The role of OCA against the process of inflammation is mainly arbitrated through the activation of FXRs, which are massively expressed in the intestine and liver (Fei et al. 2019). Activated FXRs are translocated to the nucleus and bind DNA hormone response elements leading to reduction of cholesterol 7 alpha-hydroxylase and stimulation of small heterodimer partner (SHP), an intracellular transcription factor of the nuclear receptor family (Yuk et al. 2016). SHP controls innate immune reaction and inflammation through supression of the production of toll-like receptor 4 (TLR4) and nod-like receptor pyrin 3 (NLRP3) inflammasome (Yuk et al. 2016). In addition, SHP stops the translocation of NF-κB p65 from the cytoplasm and suppresses the release of cytokines that promotes inflammation. (Yuk et al. 2011). Activating FXRs may block cisplatin-induced AKI via stimulation of SHP in mice (Bae et al. 2014). It has been detected that fenofibrate provokes the expression of SHP in the macrophages and hepatocytes via activation of adenosine monophosphate protein kinase (AMPK) (Chanda et al. 2009). Fenofibrate inhibits OS and inflammation by activating peroxisome proliferator activator receptor alpha (PPARα) (Enright et al. 2020). Notably, FXRs activate the expression of anti-inflammatory PPARα, and thus supress pro-inflammatory cytokines (Heitel et al. 2020). Furthermore, FXRs provoke the expression of cystic fibrosis transmembrane conductance regulator (CFTR), which controls intestinal homeostasis (Mroz et al. 2014). Harwood et al. (Harwood et al. 2021) formerly displayed that the activation of CFTR reduced lung inflammation in patients with cystic fibrosis. Meanwhile, mutation of CFTR provokes the expression and discharge of cytokines that promote inflammation (Mueller et al. 2011). Besides, OCA inhibits the discharge of pro-inflammatory cytokines from immune cells. It lessens the expression of TGF-β, tissue inhibitor of metalloproteinase 1 (TIMP-1), and alpha-smooth muscle actin (α-SMA) via activation of FXR (Khanna and Jones 2017) (Fig. 3). Thus, OCA could probably induce anti-inflammatory effects with modulation of immune response via stimulation of SHP, PPARα, and CFTR.

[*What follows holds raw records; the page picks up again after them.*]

(* If a $\star$-metric space $(X,d^\star)$ has a dense subset $M$ (dense in $(X,\mathscr{T}_{d^\star})$) such that $(M,d^\star|_{M\times M})$ is totally bounded, then $(X,d^\star)$ is totally bounded.
   Context: A $t$-definer is a function $\star:[0,\infty)\times[0,\infty)\to[0,\infty)$ such that for all $a,b,c\ge 0$: $a\star b=b\star a$; $a\star(b\star c)=(a\star b)\star c$; if $a\le b$ then $a\star c\le b\star c$; $a\star 0=a$; and $\star$ is continuous in its first variable with respect to the Euclidean topology. Given a nonempty set $X$ and a $t$-definer $\star$, a $\star$-metric on $X$ is a function $d^\star:X\times X\to[0,\infty)$ such that for all $x,y,z\in X$: $d^\star(x,y)=0$ iff $x=y$; $d^\star(x,y)=d^\star(y,x)$; and $d^\star(x,y)\le d^\star(x,z)\star d^\star(z,y)$. Let $\mathscr{T}_{d^\star}$ be the topology consisting of all $U\subseteq X$ such that for each $a\in U$ there is $r>0$ with $\{x: d^\star(a,x)<r\}\subseteq U$. A $\star$-metric space $(Y,\rho)$ is totally bounded if for every $\epsilon>0$ there is a finite $F\subseteq Y$ with $Y=\bigcup_{x\in F}\{y\in Y:\rho(x,y)<\epsilon\}$. *)

From Stdlib Require Import Reals List.
Open Scope R_scope.

(* A t-definer: a binary operation on [0,oo).  We model it as a function
   R -> R -> R whose axioms are required on nonnegative arguments, and which
   maps [0,oo) x [0,oo) into [0,oo). *)
Definition t_definer (star : R -> R -> R) : Prop :=
  (forall a b, 0 <= a -> 0 <= b -> 0 <= star a b) /\
  (forall a b, 0 <= a -> 0 <= b -> star a b = star b a) /\
  (forall a b c, 0 <= a -> 0 <= b -> 0 <= c ->
      star a (star b c) = star (star a b) c) /\
  (forall a b c, 0 <= a -> 0 <= b -> 0 <= c -> a <= b -> star a c <= star b c) /\
  (forall a, 0 <= a -> star a 0 = a) /\
  (forall c a, 0 <= c -> 0 <= a ->
      forall eps, 0 < eps -> exists delta, 0 < delta /\
        forall a', 0 <= a' -> Rabs (a' - a) < delta ->
          Rabs (star a' c - star a c) < eps).

Definition star_metric {X : Type} (star : R -> R -> R) (d : X -> X -> R) : Prop :=
  (forall x y, 0 <= d x y) /\
  (forall x y, d x y = 0 <-> x = y) /\
  (forall x y, d x y = d y x) /\
  (forall x y z, d x y <= star (d x z) (d z y)).

Definition d_open {X : Type} (d : X -> X -> R) (U : X -> Prop) : Prop :=
  forall a, U a -> exists r, 0 < r /\ forall x, d a x < r -> U x.

Definition d_closure {X : Type} (d : X -> X -> R) (M : X -> Prop) (x : X) : Prop :=
  forall U, d_open d U -> U x -> exists m, M m /\ U m.

Definition d_dense {X : Type} (d : X -> X -> R) (M : X -> Prop) : Prop :=
  forall x, d_closure d M x.

Definition totally_bounded {Y : Type} (rho : Y -> Y -> R) : Prop :=
  forall eps, 0 < eps -> exists F : list Y,
    forall y, exists x, In x F /\ rho x y < eps.

Definition restrict_metric {X : Type} (d : X -> X -> R) (M : X -> Prop)
  : {x | M x} -> {x | M x} -> R :=
  fun p q => d (proj1_sig p) (proj1_sig q).

From Stdlib Require Import Reals List Lra.
Open Scope R_scope.

(* Since [0 * c = c] and [*] is continuous and monotone in its first argument,
   [a * c] stays below any bound [e > c] for all small enough [a >= 0].  This
   makes open balls open, so the dense set [M] meets every ball; an [a]-net [F]
   of [M], with [a] chosen so that [a * (eps/2) < eps], is then an [eps]-net of
   [X] by the [*]-triangle inequality through a point of [M] within [eps/2]. *)

Section TDefiner.

Context {star : R -> R -> R}.
Hypothesis Hstar : t_definer star.

Lemma star_0l a : 0 <= a -> star 0 a = a.
Proof.
  pose proof Hstar as (_ & Hcom & _ & _ & H0 & _).
  intros Ha; rewrite Hcom by lra; exact (H0 a Ha).
Qed.

Lemma star_le2 a a' b b' :
  0 <= a -> 0 <= b -> a <= a' -> b <= b' -> star a b <= star a' b'.
Proof.
  pose proof Hstar as (_ & Hcom & _ & Hmon & _ & _).
  intros Ha Hb Haa' Hbb'.
  apply Rle_trans with (star a' b); [apply Hmon; lra |].
  rewrite (Hcom a' b), (Hcom a' b') by lra.
  apply Hmon; lra.
Qed.

Lemma star_lt_near0 c e :
  0 <= c -> c < e ->
  exists delta, 0 < delta /\ forall a, 0 <= a -> a < delta -> star a c < e.
Proof.
  pose proof Hstar as (_ & _ & _ & _ & _ & Hcont).
  intros Hc Hce.
  destruct (Hcont c 0 Hc (Rle_refl 0) (e - c)) as [delta [Hdelta Hnear]]; [lra |].
  exists delta; split; [exact Hdelta |].
  intros a Ha Haδ.
  assert (Hdist : Rabs (a - 0) < delta) by (rewrite Rminus_0_r, Rabs_pos_eq; lra).
  pose proof (Hnear a Ha Hdist) as Hclose.
  rewrite star_0l in Hclose by exact Hc.
  apply Rabs_def2 in Hclose; lra.
Qed.

End TDefiner.

Section StarMetric.

Context {X : Type} {star : R -> R -> R} {d : X -> X -> R}.
Hypothesis Hstar : t_definer star.
Hypothesis Hd : star_metric star d.

Lemma star_metric_le x y z a b :
  d x z <= a -> d z y <= b -> d x y <= star a b.
Proof.
  pose proof Hd as (Dpos & _ & _ & Dtri).
  intros Ha Hb.
  apply Rle_trans with (star (d x z) (d z y)); [apply Dtri |].
  apply (star_le2 Hstar); auto.
Qed.

Lemma d_open_ball x r : d_open d (fun y => d x y < r).
Proof.
  pose proof Hd as (Dpos & _ & _ & _).
  intros b Hb.
  destruct (star_lt_near0 Hstar (d x b) r (Dpos x b) Hb) as [delta [Hdelta Hsmall]].
  exists delta; split; [exact Hdelta |].
  intros y Hy.
  apply Rle_lt_trans with (star (d x b) (d b y)).
  - apply star_metric_le with b; lra.
  - pose proof Hstar as (_ & Hcom & _).
    rewrite Hcom by apply Dpos.
    apply Hsmall; [apply Dpos | exact Hy].
Qed.

Lemma d_dense_ball (M : X -> Prop) x r :
  d_dense d M -> 0 < r -> exists m, M m /\ d x m < r.
Proof.
  pose proof Hd as (_ & Deq & _).
  intros Hdense Hr.
  apply (Hdense x (fun y => d x y < r)); [apply d_open_ball |].
  simpl; rewrite (proj2 (Deq x x) eq_refl); exact Hr.
Qed.

End StarMetric.

Theorem corollary3p6 (X : Type) (star : R -> R -> R) (d : X -> X -> R)
  (M : X -> Prop) :
  inhabited X ->
  t_definer star ->
  star_metric star d ->
  d_dense d M ->
  totally_bounded (restrict_metric d M) ->
  totally_bounded d.
Proof.
  intros _ Hstar Hd Hdense Htb eps Heps.
  destruct (star_lt_near0 Hstar (eps / 2) eps) as [delta [Hdelta Hsmall]]; [lra .. |].
  destruct (Htb (delta / 2)) as [F HF]; [lra |].
  exists (map (@proj1_sig X M) F).
  intros x.
  destruct (d_dense_ball Hstar Hd M x (eps / 2) Hdense) as [m [Mm Hxm]]; [lra |].
  destruct (HF (exist M m Mm)) as [[f Mf] [Hin Hfm]].
  unfold restrict_metric in Hfm; simpl in Hfm.
  exists f; split.
  - exact (in_map (@proj1_sig X M) F (exist M f Mf) Hin).
  - apply Rle_lt_trans with (star (delta / 2) (eps / 2)).
    + pose proof Hd as (_ & _ & Dsym & _).
      apply (star_metric_le Hstar Hd) with m; [lra | rewrite Dsym; lra].
    + apply Hsmall; lra.
Qed.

The anti-inflammatory effects of obeticholic acid (OCA), where OCA inhibits the release of cytokines that promote inflammation from immune cells. It reduces the expression of TGF-β, tissue inhibitor of metalloproteinase 1 (TIMP-1) and alpha-smooth muscle actin (α-SMA) through activation of FXR
Antiviral effects of OCA
The role of OCA to antagonize inflammation and the reactive oxygen species may reveal marked antiviral effects. Notably, OCA suppresses the proliferation of human immunodeficiency virus 1 (HIV-1) and its associated liver fibrotic alterations (New-Aaron et al. 2020). Therefore, OCA can invert HIV-1-induced pro-fibrotic alterations in the liver. In addition, OCA stops HIV-1 particle accumulation within the liver cells (Zhou et al. 2019). A recent study displayed that FXR agonists potentially affect the proliferation of the hepatitis B virus (HBV) (Erken et al. 2021). A double-blind placebo-controlled trial of 73 cases with HBV infection treated with FXR agonists for 35 days demonstrated that these agents efficiently lessened the hepatitis B surface antigen (HBsAg) level relative to the placebo impact (Erken et al. 2021). FXR agonists interact with HBV viral proteins preventing their transcription and triggering off the reduction of HBV viral protein (Erken et al. 2021). These findings may explain the role of FXR agonists against viral infections, including OCA, to antagonize HBV infection.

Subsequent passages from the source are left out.